(Exercise goal) Check each line of the listing for the string "replace", then state how many lines have it. Only the number is wanted.

(Provided data)
Lemma best_approx_unique g q1 q2 : Ccont g ->
  best_approx n g q1 -> best_approx n g q2 -> q1 = q2.
Proof.
move=> cg q1best q2best; have [sq1 _] := q1best; have [sq2 _] := q2best.
set E := supnorm (g \- polyfun q1).
have c1 : Ccont (g \- polyfun q1) by apply: CcontB cg Ccont_polyfun.
have c2 : Ccont (g \- polyfun q2) by apply: CcontB cg Ccont_polyfun.
have E2 : supnorm (g \- polyfun q2) = E.
  by apply: le_anti; rewrite q2best.2 ?q1best.2.
have err1 x : I01 x -> `|g x - q1.[x]| <= E by apply: supnorm_ub c1.
have err2 x : I01 x -> `|g x - q2.[x]| <= E by rewrite -E2; apply: supnorm_ub c2.
suff [s [us ss seq]] : exists s, [/\ uniq s, size s = n.+1 &
    forall x, x \in s -> g x - q1.[x] = g x - q2.[x]].
  apply: (eq_poly_on_points sq1 sq2 us (eq_leq (esym ss))) => x /seq /eqP.
  by rewrite -subr_eq0 opprB addrC subrKA subr_eq0 => /eqP.
have [Epos|E0] := ltrP 0 E; last first.
  have {}E0 : E = 0 by apply: le_anti; rewrite E0 supnorm_ge0.
  have [s [us ss sI]] := uniq_points_I01 n.+1; exists s; split => // x /sI Ix.
  by have := err1 x Ix; have := err2 x Ix; rewrite E0 !normr_le0 => /eqP -> /eqP ->.
have mbest := best_approx_midpoint cg q1best q2best.
set q := 2^-1 *: (q1 + q2) in mbest; have [sq _] := mbest.
have Eq : supnorm (g \- polyfun q) = E by apply: le_anti; rewrite mbest.2 ?q1best.2.
have [s [us ss sZ]] : exists s, [/\ uniq s, size s = n.+1 &
    forall x, x \in s -> extremal_point g q x].
  by apply: best_approx_extremal_points; rewrite ?Eq.
exists s; split => // x /sZ[Ix]; rewrite Eq => Zx.
apply: norm_midpoint_eq (err1 x Ix) (err2 x Ix) _; rewrite -Zx /q hornerZ hornerD.
by congr `|_|; field.
Qed.
(* Peeling off the factor [k = 0] shifts [t] to [t - 1]; for [t <= n + 1] that factor is
   at most [exp (16 n + 18)]. *)
Lemma growth_majorant_le_nat (n : nat) :
  forall t, t <= INR n -> forall N, growth_majorant N t <= exp (4 + 18 * INR n ^ 2).
Proof.
  induction n as [|n IH]; intros t Ht N.
  - simpl in *. eapply Rle_trans; [apply growth_majorant_le_of_nonpos, Ht|].
    apply exp_le_compat. pose proof (pow_half_bounds N). lra.
  - destruct N as [|N].
    + cbn [growth_majorant]. rewrite <- exp_0 at 1. apply exp_le_compat.
      pose proof (pow2_ge_0 (INR (S n))). lra.
    + rewrite growth_majorant_succ_shift. rewrite S_INR in *.
      pose proof (IH (t - 1) ltac:(lra) N) as Hrest.
      pose proof PI_gt_3. pose proof PI_4. pose proof (pos_INR n).
      assert (Hfirst : 1 + exp (2 * PI * t) <= exp (8 * (INR n + 1) + 1)).
      { destruct (Rle_dec 0 t).
        - eapply Rle_trans; [apply one_add_exp_le; nra|]. apply exp_le_compat. nra.
        - assert (exp (2 * PI * t) <= 1) by (rewrite <- exp_0; apply exp_le_compat; nra).
          pose proof (exp_ineq1_le (8 * (INR n + 1) + 1)). nra. }
      assert (Hsq : (1 + exp (2 * PI * t)) ^ 2 <= exp (2 * (8 * (INR n + 1) + 1))).
      { replace (2 * (8 * (INR n + 1) + 1))
          with ((8 * (INR n + 1) + 1) + (8 * (INR n + 1) + 1)) by ring.
        rewrite exp_plus. pose proof (exp_pos (2 * PI * t)). simpl. rewrite Rmult_1_r.
        apply Rmult_le_compat; lra. }
      eapply Rle_trans.
      { apply Rmult_le_compat;
          [apply pow2_ge_0 | left; apply growth_majorant_pos | exact Hsq | exact Hrest]. }
      rewrite <- exp_plus. apply exp_le_compat. nra.
Qed.

Lemma growth_majorant_le_quadratic N t : 0 <= t -> growth_majorant N t <= exp (40 + 36 * t ^ 2).
Proof.
  intros Ht. destruct (archimed t) as [Hup _].
  assert (Hnn : (0 <= up t)%Z) by (apply le_IZR; lra).
  assert (Hn : INR (Z.to_nat (up t)) = IZR (up t)) by (rewrite INR_IZR_INZ, Z2Nat.id; auto).
  pose proof (archimed t) as [_ Hup'].
  eapply Rle_trans; [apply (growth_majorant_le_nat (Z.to_nat (up t))); lra|].
  apply exp_le_compat. rewrite Hn.
  assert (IZR (up t) ^ 2 <= (t + 1) ^ 2) by (apply pow_incr; lra).
  pose proof (pow2_ge_0 (t - 1)). lra.
Qed.

(** * The partial products *)

Definition two_pi_i : C := (0, 2 * PI).

Definition cis2pi (w : C) : C := Cexp (two_pi_i * w)%C.

Lemma Cmod_two_pi_i_le : Cmod two_pi_i <= 8.
Proof.
  eapply Rle_trans; [apply Cmod_le_Rabs_Re_Im|]. unfold two_pi_i, Re, Im; simpl.
  rewrite Rabs_R0, Rabs_right by (pose proof PI_gt_3; lra). pose proof PI_4. lra.
Qed.

Lemma Cmod_cis2pi (w : C) : Cmod (cis2pi w) = exp (- (2 * PI) * Im w).
Proof.
  unfold cis2pi. rewrite Cmod_Cexp. f_equal. destruct w; unfold two_pi_i, Re, Im; simpl. ring.
Qed.

Lemma cis2pi_IZR (n : Z) : cis2pi (IZR n) = 1%C.
Proof.
  assert (Hsin : sin (IZR n * PI) = 0) by (apply sin_eq_0_1; exists n; reflexivity).
  unfold cis2pi. replace (two_pi_i * IZR n)%C with ((0, 2 * (IZR n * PI)) : C)
    by (unfold two_pi_i; apply C_ext; simpl; ring).
  unfold Cexp, Re, Im; simpl. rewrite exp_0, cos_2a_sin, sin_2a, Hsin.
  apply C_ext; simpl; ring.
Qed.

Definition exp_height (w : C) : R := exp (2 * PI * Rabs (Im w)).

Lemma exp_height_pos w : 0 < exp_height w.
Proof. apply exp_pos. Qed.

Section PartialProducts.

Variable lambda : Z -> R.

Definition lattice_point (m : Z) : C := (lambda m, IZR m).

Definition up_exp (k : nat) (w : C) : C := cis2pi (lattice_point (Z.of_nat k + 1) - w).

Definition down_exp (k : nat) (w : C) : C := cis2pi (w - lattice_point (- Z.of_nat k)).

(* The factor of row [m = k + 1 > 0] is [1 - cis2pi (a_m - w)], that of row
   [m = - k <= 0] is [1 - cis2pi (w - a_m)]: each vanishes on [a_m + Z], and the
   orientations make both tend to 1 as [k] grows. *)
Fixpoint partial_prod (N : nat) (w : C) : C :=
  match N with
  | O => 1
  | S k => partial_prod k w * (1 - up_exp k w) * (1 - down_exp k w)
  end.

(Reply) 2